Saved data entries
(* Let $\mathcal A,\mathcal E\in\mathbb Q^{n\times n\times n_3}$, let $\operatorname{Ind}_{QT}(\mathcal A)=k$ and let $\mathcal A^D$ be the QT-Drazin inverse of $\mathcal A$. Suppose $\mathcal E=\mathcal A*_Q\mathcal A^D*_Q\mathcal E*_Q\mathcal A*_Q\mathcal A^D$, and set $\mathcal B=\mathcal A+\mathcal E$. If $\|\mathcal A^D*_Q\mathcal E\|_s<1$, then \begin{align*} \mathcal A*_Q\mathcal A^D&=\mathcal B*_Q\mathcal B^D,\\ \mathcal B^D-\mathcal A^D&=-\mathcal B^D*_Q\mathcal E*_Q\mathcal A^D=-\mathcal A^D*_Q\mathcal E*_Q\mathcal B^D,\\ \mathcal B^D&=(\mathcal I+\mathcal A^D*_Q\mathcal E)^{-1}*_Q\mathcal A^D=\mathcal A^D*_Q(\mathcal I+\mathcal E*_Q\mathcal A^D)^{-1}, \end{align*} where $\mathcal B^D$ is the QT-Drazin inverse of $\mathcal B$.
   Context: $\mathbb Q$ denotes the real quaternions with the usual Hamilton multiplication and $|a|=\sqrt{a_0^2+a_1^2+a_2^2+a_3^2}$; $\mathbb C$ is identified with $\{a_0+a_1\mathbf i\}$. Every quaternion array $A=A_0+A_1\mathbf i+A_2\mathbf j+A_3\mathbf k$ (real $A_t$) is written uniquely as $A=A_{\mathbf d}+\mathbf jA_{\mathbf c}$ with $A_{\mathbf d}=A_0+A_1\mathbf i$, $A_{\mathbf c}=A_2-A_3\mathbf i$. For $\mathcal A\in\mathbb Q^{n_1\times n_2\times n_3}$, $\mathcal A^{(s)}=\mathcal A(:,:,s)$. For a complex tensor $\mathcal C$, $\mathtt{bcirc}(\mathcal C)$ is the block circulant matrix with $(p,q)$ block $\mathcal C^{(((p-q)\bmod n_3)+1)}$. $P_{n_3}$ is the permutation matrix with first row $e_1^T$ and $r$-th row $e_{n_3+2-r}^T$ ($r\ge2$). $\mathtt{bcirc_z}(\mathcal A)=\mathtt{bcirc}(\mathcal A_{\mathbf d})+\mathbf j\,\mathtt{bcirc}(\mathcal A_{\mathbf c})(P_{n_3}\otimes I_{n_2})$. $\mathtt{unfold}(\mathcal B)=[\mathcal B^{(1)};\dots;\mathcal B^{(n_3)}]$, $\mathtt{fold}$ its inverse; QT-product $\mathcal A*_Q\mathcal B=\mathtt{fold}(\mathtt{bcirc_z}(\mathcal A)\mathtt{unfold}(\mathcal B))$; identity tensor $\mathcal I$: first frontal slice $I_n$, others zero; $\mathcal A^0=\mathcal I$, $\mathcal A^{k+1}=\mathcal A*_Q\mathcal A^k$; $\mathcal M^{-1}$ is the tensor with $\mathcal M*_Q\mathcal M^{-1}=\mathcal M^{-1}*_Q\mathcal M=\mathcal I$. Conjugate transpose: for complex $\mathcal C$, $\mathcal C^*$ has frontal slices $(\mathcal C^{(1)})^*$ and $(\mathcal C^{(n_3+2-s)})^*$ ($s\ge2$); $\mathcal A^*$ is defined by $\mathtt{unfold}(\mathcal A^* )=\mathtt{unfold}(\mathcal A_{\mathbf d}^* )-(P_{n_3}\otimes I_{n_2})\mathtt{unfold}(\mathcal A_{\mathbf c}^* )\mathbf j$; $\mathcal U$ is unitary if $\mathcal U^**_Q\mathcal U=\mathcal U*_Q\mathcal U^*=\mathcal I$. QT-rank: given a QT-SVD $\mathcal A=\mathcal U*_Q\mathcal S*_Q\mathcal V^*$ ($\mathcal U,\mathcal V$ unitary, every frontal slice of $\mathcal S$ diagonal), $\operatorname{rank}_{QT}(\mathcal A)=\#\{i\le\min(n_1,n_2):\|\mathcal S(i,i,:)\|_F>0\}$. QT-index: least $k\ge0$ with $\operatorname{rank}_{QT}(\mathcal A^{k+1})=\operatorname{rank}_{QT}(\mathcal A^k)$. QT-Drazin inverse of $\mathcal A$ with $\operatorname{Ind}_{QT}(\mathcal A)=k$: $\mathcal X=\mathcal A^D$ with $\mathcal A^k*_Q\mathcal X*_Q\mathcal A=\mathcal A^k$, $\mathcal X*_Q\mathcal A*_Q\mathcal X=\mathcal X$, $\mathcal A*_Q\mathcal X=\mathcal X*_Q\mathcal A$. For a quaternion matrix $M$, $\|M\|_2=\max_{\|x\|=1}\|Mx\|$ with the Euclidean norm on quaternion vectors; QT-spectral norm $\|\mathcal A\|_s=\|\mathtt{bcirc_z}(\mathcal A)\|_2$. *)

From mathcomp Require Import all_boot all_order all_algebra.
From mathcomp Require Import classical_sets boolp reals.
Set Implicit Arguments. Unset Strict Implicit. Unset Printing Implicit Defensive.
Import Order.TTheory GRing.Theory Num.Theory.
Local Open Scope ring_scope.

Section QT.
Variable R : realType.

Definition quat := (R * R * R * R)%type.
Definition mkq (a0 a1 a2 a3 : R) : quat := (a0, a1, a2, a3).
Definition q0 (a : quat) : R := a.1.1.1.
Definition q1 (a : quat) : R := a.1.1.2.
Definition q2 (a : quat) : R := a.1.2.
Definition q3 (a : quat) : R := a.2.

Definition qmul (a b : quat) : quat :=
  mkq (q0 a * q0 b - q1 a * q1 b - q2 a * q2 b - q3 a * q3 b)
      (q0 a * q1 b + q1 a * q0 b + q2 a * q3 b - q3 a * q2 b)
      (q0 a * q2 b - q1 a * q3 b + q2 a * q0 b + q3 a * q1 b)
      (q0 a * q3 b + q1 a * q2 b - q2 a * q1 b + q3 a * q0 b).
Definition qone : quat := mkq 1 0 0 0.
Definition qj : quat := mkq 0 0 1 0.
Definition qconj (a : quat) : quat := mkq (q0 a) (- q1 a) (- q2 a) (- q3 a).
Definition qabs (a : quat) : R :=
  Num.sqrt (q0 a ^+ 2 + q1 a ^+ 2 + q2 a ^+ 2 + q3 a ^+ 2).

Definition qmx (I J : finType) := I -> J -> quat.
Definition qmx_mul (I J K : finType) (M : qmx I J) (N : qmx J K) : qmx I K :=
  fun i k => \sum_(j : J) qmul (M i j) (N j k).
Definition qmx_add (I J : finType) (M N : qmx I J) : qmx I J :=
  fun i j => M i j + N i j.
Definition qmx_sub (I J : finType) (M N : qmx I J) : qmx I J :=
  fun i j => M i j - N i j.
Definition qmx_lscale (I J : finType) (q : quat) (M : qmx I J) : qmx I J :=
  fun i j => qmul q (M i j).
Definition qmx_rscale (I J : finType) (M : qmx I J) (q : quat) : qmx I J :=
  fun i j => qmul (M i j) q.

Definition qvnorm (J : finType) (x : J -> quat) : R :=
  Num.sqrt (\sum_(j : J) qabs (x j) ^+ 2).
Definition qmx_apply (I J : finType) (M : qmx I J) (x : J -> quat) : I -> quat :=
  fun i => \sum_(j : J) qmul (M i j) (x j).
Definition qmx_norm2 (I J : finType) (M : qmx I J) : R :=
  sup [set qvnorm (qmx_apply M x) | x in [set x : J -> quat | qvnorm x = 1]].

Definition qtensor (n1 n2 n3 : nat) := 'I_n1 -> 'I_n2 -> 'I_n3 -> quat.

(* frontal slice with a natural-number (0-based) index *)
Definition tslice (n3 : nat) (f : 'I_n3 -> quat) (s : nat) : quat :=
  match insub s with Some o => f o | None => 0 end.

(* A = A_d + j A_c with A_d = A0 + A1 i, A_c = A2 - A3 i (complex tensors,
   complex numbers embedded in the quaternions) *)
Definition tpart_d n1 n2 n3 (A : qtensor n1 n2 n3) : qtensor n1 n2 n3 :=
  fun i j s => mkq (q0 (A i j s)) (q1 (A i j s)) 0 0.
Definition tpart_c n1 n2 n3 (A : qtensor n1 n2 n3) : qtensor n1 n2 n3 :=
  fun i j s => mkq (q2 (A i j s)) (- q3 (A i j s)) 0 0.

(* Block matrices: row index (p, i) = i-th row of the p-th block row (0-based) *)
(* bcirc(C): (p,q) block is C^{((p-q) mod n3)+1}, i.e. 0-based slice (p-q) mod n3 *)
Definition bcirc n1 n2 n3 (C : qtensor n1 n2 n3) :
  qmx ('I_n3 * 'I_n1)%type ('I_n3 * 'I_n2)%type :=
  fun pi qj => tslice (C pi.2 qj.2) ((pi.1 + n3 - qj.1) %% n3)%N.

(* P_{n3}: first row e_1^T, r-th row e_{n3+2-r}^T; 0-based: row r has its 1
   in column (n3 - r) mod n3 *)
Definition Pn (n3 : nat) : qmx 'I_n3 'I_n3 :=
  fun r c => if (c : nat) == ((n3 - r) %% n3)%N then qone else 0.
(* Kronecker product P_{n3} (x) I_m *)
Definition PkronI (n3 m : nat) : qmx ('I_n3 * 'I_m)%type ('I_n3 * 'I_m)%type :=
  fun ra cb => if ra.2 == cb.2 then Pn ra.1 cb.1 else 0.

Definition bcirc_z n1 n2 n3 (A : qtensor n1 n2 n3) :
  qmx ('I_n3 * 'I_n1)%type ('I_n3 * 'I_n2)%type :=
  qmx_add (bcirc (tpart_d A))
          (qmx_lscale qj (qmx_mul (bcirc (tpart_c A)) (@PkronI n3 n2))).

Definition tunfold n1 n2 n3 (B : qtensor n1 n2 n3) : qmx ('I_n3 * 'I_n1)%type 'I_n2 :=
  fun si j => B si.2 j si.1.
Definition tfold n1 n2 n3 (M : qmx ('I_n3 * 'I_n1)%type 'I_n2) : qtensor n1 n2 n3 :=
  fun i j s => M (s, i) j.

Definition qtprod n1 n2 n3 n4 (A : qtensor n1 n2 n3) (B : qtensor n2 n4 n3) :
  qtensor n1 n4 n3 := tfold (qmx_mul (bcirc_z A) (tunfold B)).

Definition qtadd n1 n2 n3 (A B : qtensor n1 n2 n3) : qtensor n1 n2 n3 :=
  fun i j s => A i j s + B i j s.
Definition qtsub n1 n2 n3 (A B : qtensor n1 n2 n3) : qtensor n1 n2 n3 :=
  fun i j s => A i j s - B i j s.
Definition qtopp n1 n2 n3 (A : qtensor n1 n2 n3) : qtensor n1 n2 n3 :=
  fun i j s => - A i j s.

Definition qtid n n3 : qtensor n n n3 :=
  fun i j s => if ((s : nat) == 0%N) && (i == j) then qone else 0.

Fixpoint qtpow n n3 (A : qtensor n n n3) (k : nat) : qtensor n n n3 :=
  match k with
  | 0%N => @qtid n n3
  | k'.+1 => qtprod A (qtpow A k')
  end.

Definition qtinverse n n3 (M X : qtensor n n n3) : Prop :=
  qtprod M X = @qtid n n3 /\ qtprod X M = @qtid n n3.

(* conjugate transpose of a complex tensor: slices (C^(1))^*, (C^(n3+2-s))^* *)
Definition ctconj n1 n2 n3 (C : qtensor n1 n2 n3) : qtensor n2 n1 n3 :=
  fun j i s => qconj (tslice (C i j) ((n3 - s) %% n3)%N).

* **WORK REQUEST**: List every line above that holds the word "qmul".

* **RESULT FOR THIS TASK**:
Definition qmul (a b : quat) : quat :=
  fun i k => \sum_(j : J) qmul (M i j) (N j k).
  fun i j => qmul q (M i j).
  fun i j => qmul (M i j) q.
  fun i => \sum_(j : J) qmul (M i j) (x j).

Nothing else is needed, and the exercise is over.